### Exercise aim:
The answer must consist of every line from the data that holds the string "Mnsd".

### Data:
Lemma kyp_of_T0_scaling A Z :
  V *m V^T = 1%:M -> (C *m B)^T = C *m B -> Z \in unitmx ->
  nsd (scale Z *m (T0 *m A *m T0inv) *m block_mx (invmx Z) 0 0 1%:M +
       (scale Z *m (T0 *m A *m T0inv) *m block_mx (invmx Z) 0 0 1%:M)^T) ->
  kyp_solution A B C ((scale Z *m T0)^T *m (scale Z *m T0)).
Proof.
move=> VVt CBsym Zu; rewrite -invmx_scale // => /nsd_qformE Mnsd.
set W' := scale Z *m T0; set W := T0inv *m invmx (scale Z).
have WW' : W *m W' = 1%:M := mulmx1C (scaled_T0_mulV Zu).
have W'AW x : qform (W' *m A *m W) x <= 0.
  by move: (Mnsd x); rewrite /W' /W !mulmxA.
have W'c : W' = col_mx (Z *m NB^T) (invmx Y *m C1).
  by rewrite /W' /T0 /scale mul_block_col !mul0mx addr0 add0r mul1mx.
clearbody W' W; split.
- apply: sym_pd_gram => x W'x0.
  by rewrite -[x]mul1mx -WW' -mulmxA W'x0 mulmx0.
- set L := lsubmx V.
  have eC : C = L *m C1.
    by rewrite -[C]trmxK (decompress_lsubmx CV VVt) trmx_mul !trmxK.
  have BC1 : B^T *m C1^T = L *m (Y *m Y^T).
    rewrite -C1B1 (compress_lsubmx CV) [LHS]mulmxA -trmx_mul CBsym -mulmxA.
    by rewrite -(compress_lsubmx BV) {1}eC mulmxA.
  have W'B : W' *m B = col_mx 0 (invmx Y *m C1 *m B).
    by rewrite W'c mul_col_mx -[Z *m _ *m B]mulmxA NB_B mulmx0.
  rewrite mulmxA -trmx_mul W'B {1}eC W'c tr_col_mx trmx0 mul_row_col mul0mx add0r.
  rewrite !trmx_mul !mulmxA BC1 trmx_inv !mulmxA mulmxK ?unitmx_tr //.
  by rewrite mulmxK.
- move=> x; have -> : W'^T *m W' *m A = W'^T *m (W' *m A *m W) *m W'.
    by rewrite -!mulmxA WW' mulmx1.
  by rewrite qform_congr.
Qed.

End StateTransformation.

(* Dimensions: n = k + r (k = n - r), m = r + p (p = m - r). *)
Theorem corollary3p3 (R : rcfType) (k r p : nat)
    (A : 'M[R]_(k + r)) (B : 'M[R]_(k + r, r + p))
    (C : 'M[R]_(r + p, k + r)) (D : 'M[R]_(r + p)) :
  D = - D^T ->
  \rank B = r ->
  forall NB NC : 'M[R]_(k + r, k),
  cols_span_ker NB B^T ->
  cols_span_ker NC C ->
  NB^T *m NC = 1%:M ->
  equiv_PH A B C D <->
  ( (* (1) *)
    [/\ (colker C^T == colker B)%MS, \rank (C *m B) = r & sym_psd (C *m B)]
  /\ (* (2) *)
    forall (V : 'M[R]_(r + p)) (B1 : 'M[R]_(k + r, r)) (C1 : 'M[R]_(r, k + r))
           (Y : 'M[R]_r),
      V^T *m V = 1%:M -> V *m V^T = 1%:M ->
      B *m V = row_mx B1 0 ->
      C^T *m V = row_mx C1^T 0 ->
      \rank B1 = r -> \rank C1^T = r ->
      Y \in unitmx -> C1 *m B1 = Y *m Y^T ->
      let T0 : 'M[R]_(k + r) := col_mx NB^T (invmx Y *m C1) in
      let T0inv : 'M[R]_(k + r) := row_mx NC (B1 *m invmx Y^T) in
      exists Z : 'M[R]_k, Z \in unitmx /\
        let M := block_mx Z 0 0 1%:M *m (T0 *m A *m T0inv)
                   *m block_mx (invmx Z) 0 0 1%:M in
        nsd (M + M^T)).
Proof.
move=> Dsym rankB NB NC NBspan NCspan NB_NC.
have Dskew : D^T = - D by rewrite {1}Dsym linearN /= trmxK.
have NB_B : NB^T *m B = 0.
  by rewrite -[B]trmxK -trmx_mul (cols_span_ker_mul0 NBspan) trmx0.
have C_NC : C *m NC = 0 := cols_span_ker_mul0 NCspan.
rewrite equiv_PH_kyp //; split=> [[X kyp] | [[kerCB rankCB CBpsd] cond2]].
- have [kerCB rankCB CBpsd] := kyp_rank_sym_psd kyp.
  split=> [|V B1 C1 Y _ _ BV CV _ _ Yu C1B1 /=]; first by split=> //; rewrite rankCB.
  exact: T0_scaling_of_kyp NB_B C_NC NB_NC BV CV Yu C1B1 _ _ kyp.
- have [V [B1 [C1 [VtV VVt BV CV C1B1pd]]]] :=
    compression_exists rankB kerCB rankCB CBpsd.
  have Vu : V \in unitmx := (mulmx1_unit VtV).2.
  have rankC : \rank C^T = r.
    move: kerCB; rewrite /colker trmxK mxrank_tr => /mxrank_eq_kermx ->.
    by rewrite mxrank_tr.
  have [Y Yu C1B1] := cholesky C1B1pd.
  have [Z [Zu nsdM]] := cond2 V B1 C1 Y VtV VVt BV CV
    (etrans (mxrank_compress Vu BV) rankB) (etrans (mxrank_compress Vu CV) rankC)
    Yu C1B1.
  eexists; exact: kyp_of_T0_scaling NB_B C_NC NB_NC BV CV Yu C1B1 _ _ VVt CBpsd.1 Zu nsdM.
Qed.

### Expected output:
move=> VVt CBsym Zu; rewrite -invmx_scale // => /nsd_qformE Mnsd.
  by move: (Mnsd x); rewrite /W' /W !mulmxA.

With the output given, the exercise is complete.